La décision du juge des tutelles

En bref :

La décision du juge des tutelles doit prendre en compte toutes les particularités de la situation de la personne à protéger afin de déterminer le régime de protection le mieux adapté (soit une mesure de sauvegarde de justice, soit une mesure de curatelle, soit une  mesure de tutelle).

Le juge a la possibilité de ne pas donner suite à une demande de mise sous protection juridique : s'il ne la juge pas fondée ou s'il décide d'une solution alternative (par exemple, une habilitation entre époux ou une habilitation familiale).

S'il prononce une mesure de protection juridique, il a la possibilité de désigner un subrogé tuteur ou un subrogé curateur, un co-tuteur ou un co-curateur, ou encore, un conseil de famille (également, en cours d'exercice de la mesure, un tuteur ad hoc ou un curateur ad hoc).

- Page vérifiée le 1er février 2019 -

Pour en savoir plus :

Les critères motivant la décision du juge des tutelles

Le juge prend sa décision sur la base de trois critères (article 428 du Code Civil) :

la nécessité : l'altération des capacités de la personne à protéger doit être clairement constatée sur un plan médical.

la subsidiarité : les alternatives à une mise sous sauvegarde de justice, une mesure de curatelle ou une mesure de tutelle doivent être étudiées (il s'agit alors de solutions moins contraignantes comme l'habilitation entre épouxl'habilitation familialeles procurationsles mesures à caractère social...). Le juge des tutelles devra également vérifier si l'intéressé n'a pas prévu, par anticipation, sa protection juridique par le biais d'un mandat de protection future ou s'il s'agit d'un adulte en situation de handicap, un mandat de protection future pour autrui (prévu, par anticipation, par ses parents).

la proportionnalité : la situation personnelle de la personne à protéger, le niveau d'altération de ses capacités et son degré d'autonomie doivent faire l'objet d'une appréciation individualisée.
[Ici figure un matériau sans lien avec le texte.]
(* Let $V$ be a commutative unital quantale whose underlying lattice is a frame and in which $k=\top$. Let $(X,a)$, $(Y,b)$ be $V$-groups, $\varphi\colon Y\to\mathrm{Aut}(X)$ a group action, and $c$ a $V$-category structure on the semidirect product group $X\rtimes_\varphi Y$ such that \[(X,a)\xrightarrow{\langle 1,0\rangle}(X\rtimes_\varphi Y,c)\underset{\langle 0,1\rangle}{\overset{\pi_2}{\rightleftarrows}}(Y,b)\] is a split extension in $\mathsf{VGrp}$. Then for every $y\in Y$ the map $\varphi_y\colon(X,a)\to(X,a)$ is a $V$-functor.
   Context: A commutative unital quantale $V$ is a complete lattice with a commutative associative operation $\otimes$ with unit $k$ preserving arbitrary joins in each variable. A $V$-category $(X,a)$: $a\colon X\times X\to V$ with $k\le a(x,x)$ and $a(x,x')\otimes a(x',x'')\le a(x,x'')$; a $V$-functor is a map $f$ with $a(x,x')\le b(f(x),f(x'))$. A $V$-group $(X,a,+)$ is a $V$-category with a group structure (additive, not necessarily abelian) such that $a(x_1,x_2)\otimes a(x_1',x_2')\le a(x_1+x_1',x_2+x_2')$; $V$-homomorphisms are group homomorphisms that are $V$-functors; category $\mathsf{VGrp}$ (pointed since $k=\top$). The semidirect product $X\rtimes_\varphi Y$ is $X\times Y$ with $(x,y)+(x',y')=(x+\varphi_y(x'),y+y')$, where $\varphi_y=\varphi(y)$; $\langle 1,0\rangle(x)=(x,0)$, $\langle 0,1\rangle(y)=(0,y)$, $\pi_2(x,y)=y$. The diagram being a split extension in $\mathsf{VGrp}$ means: all three maps are $V$-homomorphisms, $\pi_2\circ\langle 0,1\rangle=1_Y$, and $\langle 1,0\rangle$ is a kernel of $\pi_2$ in $\mathsf{VGrp}$ (equivalently, additionally $a(x,x')=c((x,0),(x',0))$ for all $x,x'\in X$). *)

Set Implicit Arguments.

(** Commutative unital quantale: complete lattice (order + arbitrary sups),
    commutative associative tensor with unit [qk], preserving arbitrary
    joins (in the second variable; by commutativity in both). *)
Record quantale := Quantale {
  qcar :> Type;
  qle : qcar -> qcar -> Prop;
  qsup : (qcar -> Prop) -> qcar;
  qten : qcar -> qcar -> qcar;
  qk : qcar;
  qle_refl : forall u, qle u u;
  qle_trans : forall u v w, qle u v -> qle v w -> qle u w;
  qle_antisym : forall u v, qle u v -> qle v u -> u = v;
  qsup_ub : forall (S : qcar -> Prop) v, S v -> qle v (qsup S);
  qsup_least : forall (S : qcar -> Prop) u,
      (forall v, S v -> qle v u) -> qle (qsup S) u;
  qten_assoc : forall u v w, qten u (qten v w) = qten (qten u v) w;
  qten_comm : forall u v, qten u v = qten v u;
  qten_unit : forall u, qten qk u = u;
  qten_sup : forall u (S : qcar -> Prop),
      qten u (qsup S) = qsup (fun w => exists s, S s /\ w = qten u s)
}.

Arguments qle {q}.
Arguments qsup {q}.
Arguments qten {q}.
Arguments qk {q}.

Definition qtop (V : quantale) : V := qsup (fun _ : V => True).
Definition qmeet {V : quantale} (u v : V) : V :=
  qsup (fun w => qle w u /\ qle w v).

Definition is_frame (V : quantale) : Prop :=
  forall (u : V) (S : V -> Prop),
    qmeet u (qsup S) = qsup (fun w => exists s, S s /\ w = qmeet u s).

Definition is_Vcat {V : quantale} (X : Type) (a : X -> X -> V) : Prop :=
  (forall x, qle qk (a x x)) /\
  (forall x x' x'', qle (qten (a x x') (a x' x'')) (a x x'')).

Definition is_Vfunctor {V : quantale} (X Y : Type)
  (a : X -> X -> V) (b : Y -> Y -> V) (f : X -> Y) : Prop :=
  forall x x', qle (a x x') (b (f x) (f x')).

(** Groups (additive notation, not necessarily abelian). *)
Definition is_group (X : Type) (add : X -> X -> X) (zero : X) (opp : X -> X)
  : Prop :=
  (forall x y z, add x (add y z) = add (add x y) z) /\
  (forall x, add zero x = x) /\ (forall x, add x zero = x) /\
  (forall x, add (opp x) x = zero) /\ (forall x, add x (opp x) = zero).

Definition is_group_hom (X Y : Type) (addX : X -> X -> X) (addY : Y -> Y -> Y)
  (f : X -> Y) : Prop :=
  forall x x', f (addX x x') = addY (f x) (f x').

Definition is_Vgroup {V : quantale} (X : Type) (a : X -> X -> V)
  (add : X -> X -> X) (zero : X) (opp : X -> X) : Prop :=
  is_Vcat a /\ is_group add zero opp /\
  (forall x1 x2 x1' x2',
      qle (qten (a x1 x2) (a x1' x2')) (a (add x1 x1') (add x2 x2'))).

Definition is_Vhom {V : quantale} (X Y : Type)
  (a : X -> X -> V) (addX : X -> X -> X) (b : Y -> Y -> V) (addY : Y -> Y -> Y)
  (f : X -> Y) : Prop :=
  is_group_hom addX addY f /\ is_Vfunctor a b f.

(** A group action of Y on X by automorphisms, i.e. a group homomorphism
    phi : Y -> Aut(X). *)
Definition is_aut (X : Type) (addX : X -> X -> X) (g : X -> X) : Prop :=
  is_group_hom addX addX g /\ (exists h : X -> X,
     (forall x, h (g x) = x) /\ (forall x, g (h x) = x)).

Definition is_action (X Y : Type) (addX : X -> X -> X) (addY : Y -> Y -> Y)
  (phi : Y -> X -> X) : Prop :=
  (forall y, is_aut addX (phi y)) /\
  (forall y y' x, phi (addY y y') x = phi y (phi y' x)).

Definition sd_add (X Y : Type) (addX : X -> X -> X) (addY : Y -> Y -> Y)
  (phi : Y -> X -> X) (p q : X * Y) : X * Y :=
  (addX (fst p) (phi (snd p) (fst q)), addY (snd p) (snd q)).

Definition sd_zero (X Y : Type) (zeroX : X) (zeroY : Y) : X * Y :=
  (zeroX, zeroY).

Definition sd_opp (X Y : Type) (oppX : X -> X) (oppY : Y -> Y)
  (phi : Y -> X -> X) (p : X * Y) : X * Y :=
  (phi (oppY (snd p)) (oppX (fst p)), oppY (snd p)).

(** [k] is a kernel of [p] in VGrp (which is pointed, zero maps being the
    constant maps to the neutral element): k is a V-homomorphism,
    p ∘ k = 0, and every V-homomorphism f into E with p ∘ f = 0 factors
    uniquely through k by a V-homomorphism. *)
Definition is_kernel_VGrp {V : quantale}
  (X : Type) (a : X -> X -> V) (addX : X -> X -> X)
  (E : Type) (c : E -> E -> V) (addE : E -> E -> E)
  (Y : Type) (zeroY : Y)
  (k : X -> E) (p : E -> Y) : Prop :=
  is_Vhom a addX c addE k /\
  (forall x, p (k x) = zeroY) /\
  (forall (Z : Type) (d : Z -> Z -> V) (addZ : Z -> Z -> Z) (zeroZ : Z)
          (oppZ : Z -> Z),
      is_Vgroup d addZ zeroZ oppZ ->
      forall f : Z -> E, is_Vhom d addZ c addE f ->
      (forall z, p (f z) = zeroY) ->
      exists! g : Z -> X, is_Vhom d addZ a addX g /\ (forall z, k (g z) = f z)).

Set Implicit Arguments.
Unset Strict Implicit.

(* In X ⋊_φ Y the automorphism φ_y is conjugation (x,0) ↦ (0,y) + (x,0) + (0,-y).
   Conjugation is a V-functor of any V-group, because k ≤ c(p,p) lets one tensor
   c(z,z') with c(p,p) and c(q,q) on both sides.  Since ⟨1,0⟩ is a kernel in VGrp,
   c restricted to X × {0} is exactly a: the restricted structure makes X a V-group
   through which ⟨1,0⟩ must factor, and the factorisation is the identity. *)

Lemma qten_monor (V : quantale) (u v w : V) :
  qle v w -> qle (qten u v) (qten u w).
Proof.
  intro Hvw.
  set (S := fun s : V => s = v \/ s = w).
  assert (Hw : w = qsup S).
  { apply qle_antisym.
    - apply qsup_ub. now right.
    - apply qsup_least. intros s [-> | ->]; [exact Hvw | apply qle_refl]. }
  rewrite Hw, qten_sup. apply qsup_ub. now exists v; split; [left |].
Qed.

Lemma qten_mono (V : quantale) (u u' v v' : V) :
  qle u u' -> qle v v' -> qle (qten u v) (qten u' v').
Proof.
  intros Hu Hv. apply qle_trans with (qten u v').
  - now apply qten_monor.
  - rewrite (qten_comm V u), (qten_comm V u'). now apply qten_monor.
Qed.

Lemma group_hom_zero (X Y : Type) (addX : X -> X -> X) (zeroX : X) (oppX : X -> X)
  (addY : Y -> Y -> Y) (zeroY : Y) (oppY : Y -> Y) (f : X -> Y) :
  is_group addX zeroX oppX -> is_group addY zeroY oppY ->
  is_group_hom addX addY f -> f zeroX = zeroY.
Proof.
  intros [_ [X0l _]] [Ya [Y0l [_ [YNl _]]]] Hf.
  assert (Hidem : f zeroX = addY (f zeroX) (f zeroX)) by now rewrite <- Hf, X0l.
  rewrite <- (Y0l (f zeroX)), <- (YNl (f zeroX)), <- Ya, <- Hidem.
  now rewrite YNl.
Qed.

Lemma qle_qten_unitl (V : quantale) (u v : V) :
  qle qk u -> qle v (qten u v).
Proof.
  intro Hu. pose proof (qten_mono Hu (qle_refl V v)) as Hle.
  now rewrite qten_unit in Hle.
Qed.

Lemma Vgroup_conj_Vfunctor (V : quantale) (E : Type) (c : E -> E -> V)
  (add : E -> E -> E) (zero : E) (opp : E -> E) :
  is_Vgroup c add zero opp ->
  forall p q, is_Vfunctor c c (fun z => add (add p z) q).
Proof.
  intros [[Crefl _] [_ Cadd]] p q z z'.
  apply qle_trans with (qten (c (add p z) (add p z')) (c q q)); [| apply Cadd].
  rewrite qten_comm. apply qle_trans with (c (add p z) (add p z')).
  - apply qle_trans with (qten (c p p) (c z z')); [| apply Cadd].
    apply qle_qten_unitl, Crefl.
  - apply qle_qten_unitl, Crefl.
Qed.

Lemma is_Vgroup_comap (V : quantale) (X E : Type) (c : E -> E -> V)
  (addE : E -> E -> E) (zeroE : E) (oppE : E -> E)
  (addX : X -> X -> X) (zeroX : X) (oppX : X -> X) (f : X -> E) :
  is_Vgroup c addE zeroE oppE -> is_group addX zeroX oppX ->
  is_group_hom addX addE f ->
  is_Vgroup (fun x x' => c (f x) (f x')) addX zeroX oppX.
Proof.
  intros [[Crefl Ctrans] [_ Cadd]] HX Hf.
  split; [split | split]; [intro; apply Crefl | intros; apply Ctrans | exact HX |].
  intros x1 x2 x1' x2'. rewrite !Hf. apply Cadd.
Qed.

Lemma kernel_VGrp_reflects (V : quantale)
  (X : Type) (a : X -> X -> V) (addX : X -> X -> X) (zeroX : X) (oppX : X -> X)
  (E : Type) (c : E -> E -> V) (addE : E -> E -> E) (zeroE : E) (oppE : E -> E)
  (Y : Type) (zeroY : Y) (k : X -> E) (p : E -> Y) :
  is_group addX zeroX oppX -> is_Vgroup c addE zeroE oppE ->
  is_kernel_VGrp a addX c addE zeroY k p ->
  (forall x x', k x = k x' -> x = x') ->
  is_Vfunctor (fun x x' => c (k x) (k x')) a (fun x => x).
Proof.
  intros HX Hc [[Hkhom _] [Hpk Huniv]] Hkinj.
  destruct (Huniv X _ addX zeroX oppX (is_Vgroup_comap Hc HX Hkhom) k
              (conj Hkhom (fun x x' => qle_refl V _)) Hpk)
    as [g [[[_ Hg] Hkg] _]].
  assert (Hgid : forall x, g x = x) by (intro; apply Hkinj, Hkg).
  intros x x'. pose proof (Hg x x') as Hgxx'. now rewrite !Hgid in Hgxx'.
Qed.

Lemma sd_conj_inl (X Y : Type) (addX : X -> X -> X) (zeroX : X) (oppX : X -> X)
  (addY : Y -> Y -> Y) (zeroY : Y) (oppY : Y -> Y) (phi : Y -> X -> X) :
  is_group addX zeroX oppX -> is_group addY zeroY oppY ->
  is_action addX addY phi ->
  forall y x, sd_add addX addY phi (sd_add addX addY phi (zeroX, y) (x, zeroY))
                (zeroX, oppY y) = (phi y x, zeroY).
Proof.
  intros HX HY Hphi y x.
  assert (Hphi0 : phi y zeroX = zeroX)
    by exact (group_hom_zero HX HX (proj1 (proj1 Hphi y))).
  destruct HX as [_ [X0l [X0r _]]]. destruct HY as [_ [_ [Y0r [_ YNr]]]].
  unfold sd_add; simpl. now rewrite Y0r, Hphi0, X0l, X0r, YNr.
Qed.

Theorem lemma7p1 (V : quantale) (Hframe : is_frame V) (Hk : qk = qtop V)
  (X : Type) (a : X -> X -> V) (addX : X -> X -> X) (zeroX : X) (oppX : X -> X)
  (Y : Type) (b : Y -> Y -> V) (addY : Y -> Y -> Y) (zeroY : Y) (oppY : Y -> Y)
  (HX : is_Vgroup a addX zeroX oppX)
  (HY : is_Vgroup b addY zeroY oppY)
  (phi : Y -> X -> X) (Hphi : is_action addX addY phi)
  (c : X * Y -> X * Y -> V)
  (Hc : is_Vgroup c (sd_add addX addY phi) (sd_zero zeroX zeroY)
                    (sd_opp oppX oppY phi))
  (Hpi2 : is_Vhom c (sd_add addX addY phi) b addY (@snd X Y))
  (Hin2 : is_Vhom b addY c (sd_add addX addY phi) (fun y => (zeroX, y)))
  (Hsplit : forall y : Y, @snd X Y (zeroX, y) = y)
  (Hker : is_kernel_VGrp a addX c (sd_add addX addY phi) zeroY
            (fun x => (x, zeroY)) (@snd X Y)) :
  forall y : Y, is_Vfunctor a a (phi y).
Proof.
  intros y x x'.
  destruct HX as [_ [HXgrp _]]. destruct HY as [_ [HYgrp _]].
  pose proof (proj2 (proj1 Hker)) as Hinl.
  pose proof (kernel_VGrp_reflects HXgrp Hc Hker
                (fun x1 x2 (E : (x1, zeroY) = (x2, zeroY)) => f_equal fst E))
    as Hrestr.
  apply qle_trans with (c (phi y x, zeroY) (phi y x', zeroY)); [| apply Hrestr].
  rewrite <- !(sd_conj_inl HXgrp HYgrp Hphi y).
  apply qle_trans with (c (x, zeroY) (x', zeroY)); [apply Hinl |].
  apply (Vgroup_conj_Vfunctor Hc).
Qed.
Le type de mesure choisie doit donc être proportionnel (par exemple, décision d'une mesure de curatelle si l'altération n'est pas trop prononcée, décision d'une mesure de tutelle si la personne ne peut pas gérer ses affaires, même avec des conseils).

 

Dans le cas d'une ordonnance de sauvegarde de justice :

- le juge des tutelles a la possibilité de prononcer une sauvegarde de justice, soit dans l'hypothèse d'une certaine urgence, soit s'il souhaite obtenir des informations complémentaires (tout en considérant qu'il est nécessaire de protéger, dans l'immédiat, la personne vulnérable)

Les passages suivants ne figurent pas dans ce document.